4. Bildnisse, die nicht auf Bestellung angefertigt sind, sofern die Verbreitung oder Schaustellung einem höheren Interesse der Kunst dient.

(2) Die Befugnis erstreckt sich jedoch nicht auf eine Verbreitung und Schaustellung, durch die ein berechtigtes Interesse des Abgebildeten oder, falls dieser verstorben ist, seiner Angehörigen verletzt wird."

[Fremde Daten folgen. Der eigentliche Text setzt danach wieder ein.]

Lemma first_arrivals_EZ_ge i : 2^-1 <= clair_EZ first_arrivals_policy i.
Proof.
have I0 : (0 < #|I|)%N by apply/card_gt0P; exists i.
have -> : clair_EZ first_arrivals_policy i =
    nrounds_weight R I * \sum_(s : arrivals I) ((i \in s) : nat)%:R.
  rewrite /clair_EZ; congr (_ * _); apply: eq_bigr => s _.
  rewrite (bigD1 (first_arrivals s)) //= /first_arrivals_policy eqxx mul1r.
  by rewrite big1 ?addr0 ?first_arrivals_matched // => m /negbTE ->; rewrite mul0r.
have split_in : \sum_(s : arrivals I) ((i \in s) : nat)%:R =
    #|{: arrivals I}|%:R - \sum_(s : arrivals I) ((i \notin s) : nat)%:R :> R.
  by rewrite -sumr_const -sumrB; apply: eq_bigr => s _; case: (i \in s); rewrite ?subr0 ?subrr.
have missed : nrounds_weight R I * (#|I|.-1)%:R ^+ #|I| <= 2^-1.
  rewrite mulrC ler_pdivrMr ?exprn_gt0 ?ltr0n // -(ler_pM2l (_ : (0 : R) < 2)) //.
  rewrite mulrA mulfV ?pnatr_eq0 // mul1r.
  by have := double_expn_le #|I|.-1; rewrite prednK // -(ler_nat R) natrM !natrX.
rewrite split_in sum_tuple_notin mulrBr nrounds_weight_card; lra.
Qed.

End FirstArrivals.

Section Objectives.
Variables (R : realType) (I J : finType) (E : I -> J -> bool).
Implicit Type p : arrivals J -> {ffun 'I_#|J| -> option I} -> R.

Lemma greedy_EZ_ge0 i : 0 <= greedy_EZ R E i.
Proof.
rewrite mulr_ge0 ?nrounds_weight_ge0 // sumr_ge0 // => s _.
by case/andP: (greedy_prob_bounds R E s finset.set0 i).
Qed.

Lemma ranking_EZ_ge0 i : 0 <= ranking_EZ R E i.
Proof.
apply: mulr_ge0; first by apply: mulr_ge0; [rewrite invr_ge0 ler0n | exact: nrounds_weight_ge0].
by apply: sumr_ge0 => pi _; apply: sumr_ge0 => s _; rewrite ler0n.
Qed.

Lemma clair_EZ_bounds p i : clairvoyant_policy E p -> 0 <= clair_EZ p i <= 1.
Proof.
case=> p0 _ p1; apply/andP; split.
  apply: mulr_ge0; first exact: nrounds_weight_ge0.
  by apply: sumr_ge0 => s _; apply: sumr_ge0 => m _; rewrite mulr_ge0.
rewrite -(nrounds_weight_card R J) ler_wpM2l ?nrounds_weight_ge0 // -sumr_const.
apply: ler_sum => s _; rewrite -[leRHS](p1 s); apply: ler_sum => m _.
by rewrite ler_piMr //; case: [exists _, _]; rewrite ?ler01 ?lexx.
Qed.

Lemma ifm_obj_le (F : I -> R) i : (forall k, 0 <= F k) -> ifm_obj F <= F i.
Proof. by move=> F0; apply: ge_inf; [exists 0 => _ [k _ <-] | exists i]. Qed.

Lemma OPT_IFM_ge p c (i0 : I) : clairvoyant_policy E p ->
  (forall i, c <= clair_EZ p i) -> c <= OPT_IFM R E.
Proof.
move=> pE pc; apply: le_trans (_ : ifm_obj (clair_EZ p) <= _).
  by apply: lb_le_inf => [|_ [i _ <-]]; [exists (clair_EZ p i0), i0 | exact: pc].
apply: sup_ubound; last by exists p.
exists 1 => _ [q [qE ->]]; apply: le_trans (ifm_obj_le i0 _) _.
  by move=> i; case/andP: (clair_EZ_bounds i qE).
by case/andP: (clair_EZ_bounds i0 qE).
Qed.

Definition singletons : {set {set I}} := [set [set i] | i : I].

Lemma gfm_obj_singletons (F : I -> R) : gfm_obj singletons F = ifm_obj F.
Proof.
rewrite /gfm_obj /ifm_obj; congr inf; apply/seteqP; split => v.
  by move=> [g /imsetP [i _ ->] <-]; exists i; rewrite // cards1 invr1 mul1r big_set1.
by move=> [i _ <-]; exists [set i]; [apply/imsetP; exists i | rewrite cards1 invr1 mul1r big_set1].
Qed.

Lemma OPT_GFM_singletons : OPT_GFM R E singletons = OPT_IFM R E.
Proof.
by rewrite /OPT_GFM /OPT_IFM; congr sup; apply/seteqP; split => v [p [pE ->]];
  exists p; rewrite ?gfm_obj_singletons.
Qed.

Lemma singletons_proper (i : I) : singletons != finset.set0 /\ finset.set0 \notin singletons.
Proof.
split; first by apply/set0Pn; exists [set i]; apply/imsetP; exists i.
by apply/imsetP => -[k _ e]; have := set11 k; rewrite -e inE.
Qed.

End Objectives.

(* Agents and types are both ['I_n] with [n = K * K], written [(K * K).-1.+1] so
   that [ord0] exists. *)
Definition hub_agents (K : nat) : finType := 'I_(K * K).-1.+1.

Definition hub_edge (K : nat) (k j : hub_agents K) : bool := (j == ord0) || (k == j).
Arguments hub_edge : clear implicits.

Section Hub.
Variables (R : realType) (K : nat).
Hypothesis K0 : (0 < K)%N.

Lemma card_hub_agents : #|hub_agents K| = (K * K)%N.
Proof. by rewrite card_ord prednK // muln_gt0 K0. Qed.

Lemma hub_edge_hub k : hub_edge K k ord0.
Proof. by rewrite /hub_edge eqxx. Qed.

Lemma hub_edge_other k j : j != ord0 -> hub_edge K k j -> k = j.
Proof. by rewrite /hub_edge => /negbTE -> /eqP. Qed.

Lemma hub_harmonic_mean_le :
  #|hub_agents K|%:R^-1 * \sum_(t < #|hub_agents K|) ((#|hub_agents K| - t)%:R)^-1
    <= 2 / K%:R :> R.
Proof.
have Kp : (0 : R) < K%:R by rewrite ltr0n.
have n0 : (0 : R) <= #|hub_agents K|%:R^-1 by rewrite invr_ge0 ler0n.
apply: le_trans (ler_wpM2l n0 (harmonic_le R #|hub_agents K| K0)) _.
have mK : (minn #|hub_agents K| K)%:R <= K%:R :> R by rewrite ler_nat geq_minr.
apply: le_trans (ler_wpM2l n0 (lerD mK (lexx _))) _.
rewrite card_hub_agents natrM le_eqVlt; apply/orP; left; apply/eqP.
by field; rewrite gt_eqF.
Qed.

Lemma greedy_hub_le : greedy_EZ R (hub_edge K) ord0 <= 2 / K%:R.
Proof.
apply: le_trans hub_harmonic_mean_le.
apply: greedy_EZ_le => //; first exact: hub_edge_hub.
  by move=> j j0; apply/negP => /(hub_edge_other j0) e; rewrite e eqxx in j0.
by rewrite card_hub_agents muln_gt0 K0.
Qed.

Lemma ranking_hub_le : ranking_EZ R (hub_edge K) ord0 <= 4 / K%:R.
Proof.
apply: le_trans (ranking_EZ_le R hub_edge_hub hub_edge_other) _.
rewrite -mulrA; apply: le_trans (ler_wpM2l _ hub_harmonic_mean_le) _ => //; lra.
Qed.

Lemma OPT_hub_ge : 2^-1 <= OPT_IFM R (hub_edge K).
Proof.
apply: (OPT_IFM_ge ord0 (first_arrivals_clairvoyant _ _)) => [k | i].
  by rewrite /hub_edge eqxx orbT.
exact: first_arrivals_EZ_ge.
Qed.

End Hub.

Lemma exists_nat_div_le (R : realType) (c eps : R) : 0 <= c -> 0 < eps ->
  exists2 K : nat, (0 < K)%N & c / K%:R <= eps.
Proof.
move=> c0 e0; exists (Num.Def.archi_bound (c / eps)).+1 => //.
have := archi_boundP (divr_ge0 c0 (ltW e0)) => ck.
rewrite ler_pdivrMr ?ltr0n // mulrC -ler_pdivrMr //.
by apply: ltW; apply: (lt_le_trans ck); rewrite ler_nat.
Qed.

Section HubRatio.
Variables (R : realType) (c : R) (alg : forall I J : finType, (I -> J -> bool) -> I -> R).
Hypothesis c0 : 0 <= c.
Hypothesis alg_ge0 : forall K i, 0 <= alg (hub_edge K) i.
Hypothesis alg_hub_le : forall K, (0 < K)%N -> alg (hub_edge K) ord0 <= c / K%:R.

Lemma hub_ratio_le eps : 0 < eps -> exists K,
  0 < OPT_IFM R (hub_edge K) /\
  ifm_obj (alg (hub_edge K)) <= eps * OPT_IFM R (hub_edge K).
Proof.
move=> e0; have [K K0 cK] := exists_nat_div_le c0 (divr_gt0 e0 (ltr0Sn R 1)).
have opt := OPT_hub_ge R K.
exists K; split; first by apply: lt_le_trans opt; rewrite invr_gt0.
apply: le_trans (ifm_obj_le ord0 (@alg_ge0 K)) _.
apply: le_trans (le_trans (alg_hub_le K0) cK) _.
by have := ler_wpM2l (ltW e0) opt; lra.
Qed.

End HubRatio.

Lemma gfm_singletons_ratio (R : realType) (I J : finType) (E : I -> J -> bool)
    (F : I -> R) eps : (0 < #|I|)%N ->
  0 < OPT_IFM R E -> ifm_obj F <= eps * OPT_IFM R E ->
  [/\ singletons I != finset.set0, finset.set0 \notin singletons I,
      0 < OPT_GFM R E (singletons I)
    & gfm_obj (singletons I) F <= eps * OPT_GFM R E (singletons I)].
Proof.
move=> /card_gt0P [i _] opt ratio; have [s1 s2] := singletons_proper i.
by rewrite OPT_GFM_singletons gfm_obj_singletons.
Qed.

Theorem theorem1 (R : realType) :
  (forall eps : R, 0 < eps ->
     exists (I J : finType) (E : I -> J -> bool),
       [/\ (0 < #|I|)%N, 0 < OPT_IFM R E
         & ifm_obj (greedy_EZ R E) <= eps * OPT_IFM R E]) /\
  (forall eps : R, 0 < eps ->
     exists (I J : finType) (E : I -> J -> bool),
       [/\ (0 < #|I|)%N, 0 < OPT_IFM R E
         & ifm_obj (ranking_EZ R E) <= eps * OPT_IFM R E]) /\
  (forall eps : R, 0 < eps ->
     exists (I J : finType) (E : I -> J -> bool) (G : {set {set I}}),
       [/\ G != finset.set0, finset.set0 \notin G, 0 < OPT_GFM R E G
         & gfm_obj G (greedy_EZ R E) <= eps * OPT_GFM R E G]) /\
  (forall eps : R, 0 < eps ->
     exists (I J : finType) (E : I -> J -> bool) (G : {set {set I}}),
       [/\ G != finset.set0, finset.set0 \notin G, 0 < OPT_GFM R E G
         & gfm_obj G (ranking_EZ R E) <= eps * OPT_GFM R E G]).
Proof.
have greedy := @hub_ratio_le R 2 (fun I J E => greedy_EZ R E) (ler0n R 2)
  (fun K => greedy_EZ_ge0 R (hub_edge K)) (fun K => @greedy_hub_le R K).
have ranking := @hub_ratio_le R 4 (fun I J E => ranking_EZ R E) (ler0n R 4)
  (fun K => ranking_EZ_ge0 R (hub_edge K)) (fun K => @ranking_hub_le R K).
have hub0 K : (0 < #|hub_agents K|)%N by rewrite card_ord.
split; [|split; [|split]] => eps e0.
- have [K [opt ratio]] := greedy eps e0.
  by exists (hub_agents K), (hub_agents K), (hub_edge K).
- have [K [opt ratio]] := ranking eps e0.
  by exists (hub_agents K), (hub_agents K), (hub_edge K).
- have [K [opt ratio]] := greedy eps e0.
  exists (hub_agents K), (hub_agents K), (hub_edge K), (singletons _).
  exact: gfm_singletons_ratio.
- have [K [opt ratio]] := ranking eps e0.
  exists (hub_agents K), (hub_agents K), (hub_edge K), (singletons _).
  exact: gfm_singletons_ratio.
Qed.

Der Bundesgerichtshof hatte über die Frage zu entscheiden, ob die in einer Broschüre über ein Mieterfest abgebildeten Personen ein Recht am eigenen Bild geltend machen könnten.

Der Fall

Bearbeitung des Verlags, keine Aussage des Gerichts

Die Genossenschaft hatte wie in der Vergangenheit auch eine Informationsbroschüre über ein Mieterfest herausgegeben und an die Genossenschaftsmieter verteilt. Auf einem Foto waren die Klägerinnen – Großmutter, Tochter und Enkelin – zu sehen, wie die Großmutter ihre kleine Enkelin fütterte. Die Klägerinnen verlangten eine Geldentschädigung und Abmahnkosten. Das Landgericht Berlin hatte die Klage abgewiesen, da die Ausnahme nach § 23 Abs. 1 Nr. 3 KUG vorliege und zur Klärung der Auslegung dieser Vorschrift die Revision zugelassen.

Das Urteil

Bearbeitung des Verlags, keine Aussage des Gerichts

Mit Urteil vom 8. April 2014 bestätigte der Bundesgerichtshof die Entscheidung des Landgerichts im Ergebnis. Auf die Zulassungsfrage komme es aber nicht an, denn es liege schon der Rechtfertigungsgrund des § 23 Abs. 1 Nr. 1 KUG vor. Bei den Fotos in der Broschüre handele es sich um eine Bildberichterstattung aus dem Bereich der Zeitgeschichte. Dazu gehörten alle Fragen von allgemeinem gesellschaftlichem Interesse, auch Veranstaltungen von nur regionaler Bedeutung. Die Genossenschaft könne sich hier auf ein schützenswertes Interesse berufen, ihre Mieter mit Fotos über den Ablauf und die Atmosphäre der Veranstaltung zu informieren. Schützenswerte Interessen der Klägerinnen seien nicht verletzt worden; die Bildberichterstattung erfülle für die Genossenschaft eine wichtige Funktion, indem sie den Eindruck vermittele, dass es sich lohne, dort Mitglied bzw. Mieter zu sein.

Anmerkung

Bearbeitung des Verlags, keine Aussage des Gerichts

Dass ein Foto von Szenen eines Mieterfestes im harmonischen Zusammensein von Jung und Alt in fröhlicher und entspannter Atmosphäre (so der Bundesgerichtshof) Anlass gegeben hatte, eine Klage auf Geldentschädigung und Abmahnkosten durch drei Instanzen zu treiben, ist schwer nachvollziehbar und eigentlich nur mit finanziellen Interessen der Klägerinnen (und ihres Rechtsanwalts) zu erklären.